[Problem to solve]
Would you repeat every line of the material exactly?
(Material supplied Opens)
Lemma incl_surj q : exists i x, q = incl i x.
Proof. by have [j Hj] := incl_later q; have [x ->] := Hj j (ds_le_refl j); exists j, x. Qed.

Lemma incl_common2 q1 q2 : exists t : {m : I & (alpha m * alpha m)%type},
  q1 = incl (tag t) (tagged t).1 /\ q2 = incl (tag t) (tagged t).2.
Proof.
have [j1 H1] := incl_later q1; have [j2 H2] := incl_later q2.
have [x ->] := H1 _ (ub_l j1 j2); have [y ->] := H2 _ (ub_r j1 j2).
by exists (Tagged (fun m => (alpha m * alpha m)%type) (x, y)).
Qed.

Lemma incl_common3 q1 q2 q3 :
  exists m x y z, [/\ q1 = incl m x, q2 = incl m y & q3 = incl m z].
Proof.
have [j1 H1] := incl_later q1; have [j2 H2] := incl_later q2.
have [j3 H3] := incl_later q3; pose m := ub (ub j1 j2) j3.
have [x ->] := H1 m (ds_le_trans (ub_l j1 j2) (ub_l _ j3)).
have [y ->] := H2 m (ds_le_trans (ub_r j1 j2) (ub_l _ j3)).
have [z ->] := H3 m (ub_r _ j3).
by exists m, x, y, z.
Qed.

Definition lift2 (g : forall l, alpha l -> alpha l -> alpha l) (q1 q2 : limvec) :=
  let t := sval (cid (incl_common2 q1 q2)) in incl (tag t) (g _ (tagged t).1 (tagged t).2).

Lemma lift2E (g : forall l, alpha l -> alpha l -> alpha l) :
  (forall l m (h : le l m) x y, f h (g l x y) = g m (f h x) (f h y)) ->
  forall l x y, lift2 g (incl l x) (incl l y) = incl l (g l x y).
Proof.
move=> g_map l x y; rewrite /lift2; case: cid => [[m [x' y']]] /=.
case=> /esym/incl_eq[k1 [a1 [b1 E1]]] /esym/incl_eq[k2 [a2 [b2 E2]]].
apply/incl_eq; exists (ub k1 k2).
exists (ds_le_trans a1 (ub_l k1 k2)), (ds_le_trans b1 (ub_l k1 k2)).
rewrite !g_map; congr (g _ _ _); first exact: ds_map_later.
rewrite (ds_map_irr _ (ds_le_trans a2 (ub_r k1 k2))).
rewrite (ds_map_irr (ds_le_trans b1 _) (ds_le_trans b2 (ub_r k1 k2))).
exact: ds_map_later.
Qed.

Definition lift1 (g : forall l, alpha l -> alpha l) (q : limvec) :=
  lift2 (fun l x _ => g l x) q q.

Lemma lift1E (g : forall l, alpha l -> alpha l) :
  (forall l m (h : le l m) x, f h (g l x) = g m (f h x)) ->
  forall l x, lift1 g (incl l x) = incl l (g l x).
Proof. by move=> g_map l x; apply: lift2E => l' m h y _; apply: g_map. Qed.

Definition limzero : limvec := incl (ds_base D) 0.
Definition limadd : limvec -> limvec -> limvec := lift2 (fun l x y => x + y).
Definition limopp : limvec -> limvec := lift1 (fun l x => - x).
Definition limscale (a : K) : limvec -> limvec := lift1 (fun l x => a *: x).
Definition limY (u : V) (n : int) : limvec -> limvec :=
  lift1 (fun l x => wY (alpha l) u n x).

Lemma incl0 l : incl l 0 = limzero.
Proof.
apply/incl_eq; exists (ub l (ds_base D)), (ub_l _ _), (ub_r _ _).
by rewrite !raddf0.
Qed.

Lemma inclD l x y : limadd (incl l x) (incl l y) = incl l (x + y).
Proof. by apply: lift2E => *; apply: raddfD. Qed.

Lemma inclN l x : limopp (incl l x) = incl l (- x).
Proof. by apply: lift1E => *; apply: raddfN. Qed.

Lemma inclZ a l x : limscale a (incl l x) = incl l (a *: x).
Proof. by apply: lift1E => *; apply: linearZ. Qed.

Lemma inclY u n l x : limY u n (incl l x) = incl l (wY (alpha l) u n x).
Proof. by apply: lift1E => *; apply: hfun_Y. Qed.

(* The vector space laws hold in the limit since they hold at a common stage. *)
Lemma limaddA : associative limadd.
Proof.
move=> q1 q2 q3; have [m [x [y [z [-> -> ->]]]]] := incl_common3 q1 q2 q3.
by rewrite !inclD addrA.
Qed.

Lemma limaddC : commutative limadd.
Proof.
by move=> q1 q2; have [[m [x y]] /= [-> ->]] := incl_common2 q1 q2; rewrite !inclD addrC.
Qed.

Lemma limadd0 : left_id limzero limadd.
Proof. by move=> q; have [l [x ->]] := incl_surj q; rewrite -(incl0 l) inclD add0r. Qed.

Lemma limaddN : left_inverse limzero limopp limadd.
Proof. by move=> q; have [l [x ->]] := incl_surj q; rewrite inclN inclD addNr incl0. Qed.

Lemma limscaleA a b q : limscale a (limscale b q) = limscale (a * b) q.
Proof. by have [l [x ->]] := incl_surj q; rewrite !inclZ scalerA. Qed.

Lemma limscale1 : left_id 1 limscale.
Proof. by move=> q; have [l [x ->]] := incl_surj q; rewrite inclZ scale1r. Qed.

Lemma limscaleDr : right_distributive limscale limadd.
Proof.
move=> a q1 q2; have [[m [x y]] /= [-> ->]] := incl_common2 q1 q2.
by rewrite !(inclD, inclZ) scalerDr.
Qed.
(Material supplied Closes)
[Task solution]
Lemma incl_surj q : exists i x, q = incl i x.
Proof. by have [j Hj] := incl_later q; have [x ->] := Hj j (ds_le_refl j); exists j, x. Qed.

Lemma incl_common2 q1 q2 : exists t : {m : I & (alpha m * alpha m)%type},
  q1 = incl (tag t) (tagged t).1 /\ q2 = incl (tag t) (tagged t).2.
Proof.
have [j1 H1] := incl_later q1; have [j2 H2] := incl_later q2.
have [x ->] := H1 _ (ub_l j1 j2); have [y ->] := H2 _ (ub_r j1 j2).
by exists (Tagged (fun m => (alpha m * alpha m)%type) (x, y)).
Qed.

Lemma incl_common3 q1 q2 q3 :
  exists m x y z, [/\ q1 = incl m x, q2 = incl m y & q3 = incl m z].
Proof.
have [j1 H1] := incl_later q1; have [j2 H2] := incl_later q2.
have [j3 H3] := incl_later q3; pose m := ub (ub j1 j2) j3.
have [x ->] := H1 m (ds_le_trans (ub_l j1 j2) (ub_l _ j3)).
have [y ->] := H2 m (ds_le_trans (ub_r j1 j2) (ub_l _ j3)).
have [z ->] := H3 m (ub_r _ j3).
by exists m, x, y, z.
Qed.

Definition lift2 (g : forall l, alpha l -> alpha l -> alpha l) (q1 q2 : limvec) :=
  let t := sval (cid (incl_common2 q1 q2)) in incl (tag t) (g _ (tagged t).1 (tagged t).2).

Lemma lift2E (g : forall l, alpha l -> alpha l -> alpha l) :
  (forall l m (h : le l m) x y, f h (g l x y) = g m (f h x) (f h y)) ->
  forall l x y, lift2 g (incl l x) (incl l y) = incl l (g l x y).
Proof.
move=> g_map l x y; rewrite /lift2; case: cid => [[m [x' y']]] /=.
case=> /esym/incl_eq[k1 [a1 [b1 E1]]] /esym/incl_eq[k2 [a2 [b2 E2]]].
apply/incl_eq; exists (ub k1 k2).
exists (ds_le_trans a1 (ub_l k1 k2)), (ds_le_trans b1 (ub_l k1 k2)).
rewrite !g_map; congr (g _ _ _); first exact: ds_map_later.
rewrite (ds_map_irr _ (ds_le_trans a2 (ub_r k1 k2))).
rewrite (ds_map_irr (ds_le_trans b1 _) (ds_le_trans b2 (ub_r k1 k2))).
exact: ds_map_later.
Qed.

Definition lift1 (g : forall l, alpha l -> alpha l) (q : limvec) :=
  lift2 (fun l x _ => g l x) q q.

Lemma lift1E (g : forall l, alpha l -> alpha l) :
  (forall l m (h : le l m) x, f h (g l x) = g m (f h x)) ->
  forall l x, lift1 g (incl l x) = incl l (g l x).
Proof. by move=> g_map l x; apply: lift2E => l' m h y _; apply: g_map. Qed.

Definition limzero : limvec := incl (ds_base D) 0.
Definition limadd : limvec -> limvec -> limvec := lift2 (fun l x y => x + y).
Definition limopp : limvec -> limvec := lift1 (fun l x => - x).
Definition limscale (a : K) : limvec -> limvec := lift1 (fun l x => a *: x).
Definition limY (u : V) (n : int) : limvec -> limvec :=
  lift1 (fun l x => wY (alpha l) u n x).

Lemma incl0 l : incl l 0 = limzero.
Proof.
apply/incl_eq; exists (ub l (ds_base D)), (ub_l _ _), (ub_r _ _).
by rewrite !raddf0.
Qed.

Lemma inclD l x y : limadd (incl l x) (incl l y) = incl l (x + y).
Proof. by apply: lift2E => *; apply: raddfD. Qed.

Lemma inclN l x : limopp (incl l x) = incl l (- x).
Proof. by apply: lift1E => *; apply: raddfN. Qed.

Lemma inclZ a l x : limscale a (incl l x) = incl l (a *: x).
Proof. by apply: lift1E => *; apply: linearZ. Qed.

Lemma inclY u n l x : limY u n (incl l x) = incl l (wY (alpha l) u n x).
Proof. by apply: lift1E => *; apply: hfun_Y. Qed.

(* The vector space laws hold in the limit since they hold at a common stage. *)
Lemma limaddA : associative limadd.
Proof.
move=> q1 q2 q3; have [m [x [y [z [-> -> ->]]]]] := incl_common3 q1 q2 q3.
by rewrite !inclD addrA.
Qed.

Lemma limaddC : commutative limadd.
Proof.
by move=> q1 q2; have [[m [x y]] /= [-> ->]] := incl_common2 q1 q2; rewrite !inclD addrC.
Qed.

Lemma limadd0 : left_id limzero limadd.
Proof. by move=> q; have [l [x ->]] := incl_surj q; rewrite -(incl0 l) inclD add0r. Qed.

Lemma limaddN : left_inverse limzero limopp limadd.
Proof. by move=> q; have [l [x ->]] := incl_surj q; rewrite inclN inclD addNr incl0. Qed.

Lemma limscaleA a b q : limscale a (limscale b q) = limscale (a * b) q.
Proof. by have [l [x ->]] := incl_surj q; rewrite !inclZ scalerA. Qed.

Lemma limscale1 : left_id 1 limscale.
Proof. by move=> q; have [l [x ->]] := incl_surj q; rewrite inclZ scale1r. Qed.

Lemma limscaleDr : right_distributive limscale limadd.
Proof.
move=> a q1 q2; have [[m [x y]] /= [-> ->]] := incl_common2 q1 q2.
by rewrite !(inclD, inclZ) scalerDr.
Qed.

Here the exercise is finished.